Mineral Composition of Benthic Marine Organisms Attached to the Antique Sculpture of Apoxyomenos (CROSBI ID 518429)
Prilog sa skupa u zborniku | sažetak izlaganja sa skupa | međunarodna recenzija
Podaci o odgovornosti
Medaković, Davorin ; Skoko, Željko ; Popović, Stanko
engleski
Mineral Composition of Benthic Marine Organisms Attached to the Antique Sculpture of Apoxyomenos
Benthic organisms that colonize and attach themselves on the natural or artificial substrates in the sea are often called fouling organisms. The attachments differ in style and range in permanence from temporarily simple or multiple muscular attachments (e.g., limpets, octopus), or holdfasts by releasable byssus threads (mussels), by organic glues (some barnacle species), up to permanent whole life cementation (oysters), or boring by chemical or mechanical means (bivalve Lithophaga sp.). Adhesion between the organisms and surfaces is characterized by the extreme complexity and depend on the numerous physical and biological features. One of the most important processes includes the interaction between attached surface and biologically formed minerals. The factors that control these properties are, however, poorly understood and represent a crucial problem in understanding the biomineralization mechanisms of marine organisms. All types of fouling organisms are able to attach themselves to various surfaces, to erode and degrade the surfaces, and in the same time to incorporate some unusual ions from the attached surface and environment in their calcareous structure.
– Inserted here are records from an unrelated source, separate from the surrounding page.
Lemma is_derive_pc_snd M N r : 1 < M -> 0 < r < 1 -> mfix M r = N ->
  is_derive (fun y => pc M y) N (- (M * Rpower r (M - 1)) * / mfix_deriv M r).
Proof.
intros HM Hr HrN.
set (a := r / 2). set (b := (1 + r) / 2).
assert (Hnear : locally N (fun y => mfix M b < y < mfix M a)).
{ apply (open_and _ _ (open_gt _) (open_lt _)).
  rewrite <- HrN. split; apply mfix_decr; unfold a, b; lra. }
assert (Hswap : locally N (fun y => 1 - Rpower (pc y M) M = pc M y)).
{ revert Hnear. apply filter_imp. intros y Hy.
  destruct (pc_inverse_mfix M a b y HM) as [Hq Hqy]; unfold a, b in *; try lra.
  assert (Hy1 : 1 < y) by (rewrite <- Hqy; apply mfix_gt_1; lra).
  symmetry. apply pc_unique; [exact Hy1|].
  apply fixed_point_swap; [lra|]. split; [lra|]. apply fixed_point_iff_mfix; lra. }
assert (Hpc : pc N M = r).
{ apply pc_unique; [exact HM|]. split; [exact Hr|]. apply fixed_point_iff_mfix; lra. }
assert (Hpow : is_derive (fun x => 1 - Rpower x M) (pc N M) (- (M * Rpower r (M - 1)))).
{ rewrite Hpc. unfold Rpower. auto_derive; [lra|].
  replace ((M - 1) * ln r) with (M * ln r + - ln r) by ring.
  rewrite exp_plus, exp_Ropp, exp_ln by lra. field. lra. }
pose proof (is_derive_comp _ _ N _ _ Hpow (is_derive_pc_fst N M r HM Hr HrN)) as Hcomp.
apply (is_derive_ext_loc _ _ _ _ Hswap).
replace (- (M * Rpower r (M - 1)) * / mfix_deriv M r)
  with (/ mfix_deriv M r * - (M * Rpower r (M - 1))) by ring.
exact Hcomp.
Qed.

Theorem proposition3p4 (m n : R) (hm : 2 <= m) (hn : 2 <= n) :
  (exists d, is_derive (fun x => pc x n) m d /\ d < 0) /\
  (exists d, is_derive (fun y => pc m y) n d /\ 0 < d).
Proof.
destruct (exists_mfix_eq m n hm hn) as [p [Hp Hpm]].
destruct (exists_mfix_eq n m hn hm) as [r [Hr Hrn]].
pose proof (mfix_deriv_lt_0 n p ltac:(lra) Hp) as Hdp.
pose proof (mfix_deriv_lt_0 m r ltac:(lra) Hr) as Hdr.
split.
- exists (/ mfix_deriv n p). split.
  + apply is_derive_pc_fst; [lra | exact Hp | exact Hpm].
  + apply Rinv_lt_0_compat, Hdp.
- exists (- (m * Rpower r (m - 1)) * / mfix_deriv m r). split.
  + apply is_derive_pc_snd; [lra | exact Hr | exact Hrn].
  + assert (Hpow : 0 < m * Rpower r (m - 1)) by (pose proof (exp_pos ((m - 1) * ln r)); unfold Rpower; nra).
    pose proof (Rinv_lt_0_compat _ Hdr). nra.
Qed.
Fixpoint extendable (k : nat) : forall n, vert S n -> Prop :=
  match k with
  | 0 => fun n u => A n u
  | k'.+1 => fun n u => A n u /\ exists w, Psi S n w = u /\ extendable k' n.+1 w
  end.

Lemma extendable_A {k n u} : extendable k n u -> A n u.
Proof. by case: k => [|k] //= []. Qed.

Lemma extendable_antitone {n u k k'} : (k <= k')%N -> extendable k' n u -> extendable k n u.
Proof.
elim: k k' n u => [|k IH] [|k'] n u //=; first by move=> _ [].
by move=> kk' [Au [w [wu ext_w]]]; split => //; exists w; split => //; exact: IH ext_w.
Qed.

Lemma extendable_ex k n : exists u, extendable k n u.
Proof.
elim: k n => [|k IH] n /=; first exact: A_ne.
have [w ext_w] := IH n.+1; exists (Psi S n w); split; last by exists w.
exact/A_down/(extendable_A ext_w).
Qed.

Definition unbounded n u := forall k, extendable k n u.

Lemma unbounded_root : exists u, unbounded 0 u.
Proof.
apply: contrapT => noroot.
have [K HK] := finite_antitone_bound (fun u k k' => @extendable_antitone 0 u k k') noroot.
by have [u /HK] := extendable_ex K 0.
Qed.

Lemma unbounded_lift {n u} : unbounded n u ->
  exists w, Psi S n w = u /\ unbounded n.+1 w.
Proof.
move=> unb_u; apply: contrapT => nolift.
pose P k w := Psi S n w = u /\ extendable k n.+1 w.
have antitone w k k' : (k <= k')%N -> P k' w -> P k w.
  by move=> kk' [wu ext_w]; split => //; exact: extendable_antitone ext_w.
have noP : ~ exists w, forall k, P k w.
  case=> w allk; apply: nolift; exists w.
  by split; [exact: (allk 0).1 | move=> k; exact: (allk k).2].
have [K HK] := finite_antitone_bound antitone noP.
by have [_ [w wK]] := unb_u K.+1; exact: HK wK.
Qed.

Fixpoint branch (n : nat) : {u | unbounded n u} :=
  match n with
  | 0 => exist _ (projT1 (cid unbounded_root)) (projT2 (cid unbounded_root))
  | n'.+1 => let: exist _ unb_u := branch n' in
     exist _ (projT1 (cid (unbounded_lift unb_u))) (projT2 (cid (unbounded_lift unb_u))).2
  end.

Lemma konig : exists2 x, Xset S x & forall n, A n (x n).
Proof.
exists (fun n => projT1 (branch n)); last by move=> n; exact: (projT2 (branch n) 0).
by move=> n /=; case: (branch n) => u unb_u /=; rewrite (projT2 (cid (unbounded_lift unb_u))).1.
Qed.

End Konig.

Section CantorSystem.
Variables (R : realType) (S : FData R).
Hypothesis HF : is_Fsystem S.

Lemma Psi_edge n u v : edge S n.+1 u v -> edge S n (Psi S n u) (Psi S n v).
Proof. by case: HF => _ [_ h] _ _ _; apply: h. Qed.

Lemma edge_out n v : exists w, edge S n v w.
Proof. by case: HF => h _ _ _ _; case: (h n v). Qed.

Lemma edge_in n v : exists u, edge S n u v.
Proof. by case: HF => h _ _ _ _; case: (h n v). Qed.

Lemma edge_determined m : exists k, forall g : vert S (k + m),
  exists w, forall g', edge S (k + m) g g' -> psik S m k g' = w.
Proof.
case: HF => _ _ _ /(_ m) [k [_ hk]] _; exists k => g.
by have [w [_ hw]] := hk g; exists w.
Qed.

Lemma psik_Xset x m k : Xset S x -> psik S m k (x (k + m)%N) = x m.
Proof. by move=> hx; elim: k => [//|k IH] /=; rewrite -hx. Qed.

Lemma HXrel_HX x : Xset S x -> HXrel S x (HX S x).
Proof.
move=> hx; rewrite /HX; case: pselect => [h|]; first exact: (projT2 (cid h)).
have lift n w : edge S n.+1 (x n.+1) w -> edge S n (x n) (Psi S n w).
  by rewrite (hx n); exact: Psi_edge.
case; have [y hy e] := konig _ S (fun n v => edge S n (x n) v) (fun n => edge_out (x n)) lift.
by exists y.
Qed.

Lemma HX_Xset x : Xset S x -> Xset S (HX S x).
Proof. by move=> /HXrel_HX [_ []]. Qed.

Lemma HXrel_uniq x y y' : HXrel S x y -> HXrel S x y' -> y = y'.
Proof.
move=> [hx [hy ey]] [_ [hy' ey']]; apply: functional_extensionality_dep => m.
have [k /(_ (x (k + m)%N)) [w hw]] := edge_determined m.
by rewrite -(psik_Xset m k hy) -(psik_Xset m k hy') (hw _ (ey _)) (hw _ (ey' _)).
Qed.

Lemma HXrel_HXE x y : HXrel S x y -> HX S x = y.
Proof. by move=> hxy; have [hx _] := hxy; exact: HXrel_uniq (HXrel_HX hx) hxy. Qed.

Lemma HX_surj y : Xset S y -> exists2 x, Xset S x & HX S x = y.
Proof.
move=> hy; have lift n w : edge S n.+1 w (y n.+1) -> edge S n (Psi S n w) (y n).
  by rewrite (hy n); exact: Psi_edge.
have [x hx e] := konig _ S (fun n u => edge S n u (y n)) (fun n => edge_in (y n)) lift.
by exists x => //; apply: HXrel_HXE.
Qed.

Lemma HX_coord_determined m : exists N, forall x z, Xset S x -> Xset S z ->
  x N = z N -> HX S x m = HX S z m.
Proof.
have [k hk] := edge_determined m; exists (k + m)%N => x z hx hz e.
have [_ [hX ex]] := HXrel_HX hx; have [_ [hZ ez]] := HXrel_HX hz.
have [w hw] := hk (x (k + m)%N).
by rewrite -(psik_Xset m k hX) -(psik_Xset m k hZ) (hw _ (ex _)) hw // e; exact: ez.
Qed.

End CantorSystem.

(** * Continuity on the fence *)

Section CoordinateTopology.
Variables (R : realType) (S : FData R).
The interaction of specific artificial surface with mineral composition of several groups of marine fouling organisms was studied by X-ray powder diffraction. Whole empty bivalve shells, tubes of the serpulid polyhaete worms, calcareous algae and encrusted calcareous structures contained of small parts of several groups of different marine organisms, were collected from the inside and outside surfaces of the antique bronze sculpture of Apoxyomenos found at the depth of 45 m on the Adriatic sea bottom close to Lošinj Island (Croatia) in the 1999. The results showed that calcite and/or aragonite were dominant components in all analyzed samples. In some shell parts and calcareous structures both calcite and magnesium calcite were found. Small amount of mineral feldspar was registered in the shells of boring bivalve Rocellaria dubia and in the tube of serpulid polychaete worm Hydroides elegans. However, beside other components, mineral quartz in traces was found in several parts of the undetermined bivalve shells, in calcareous structure and calcareous algae Pseudolithophyllum expansum. Possible influence of the specific artificial material on the biomineralization processes and mineral components is discussed.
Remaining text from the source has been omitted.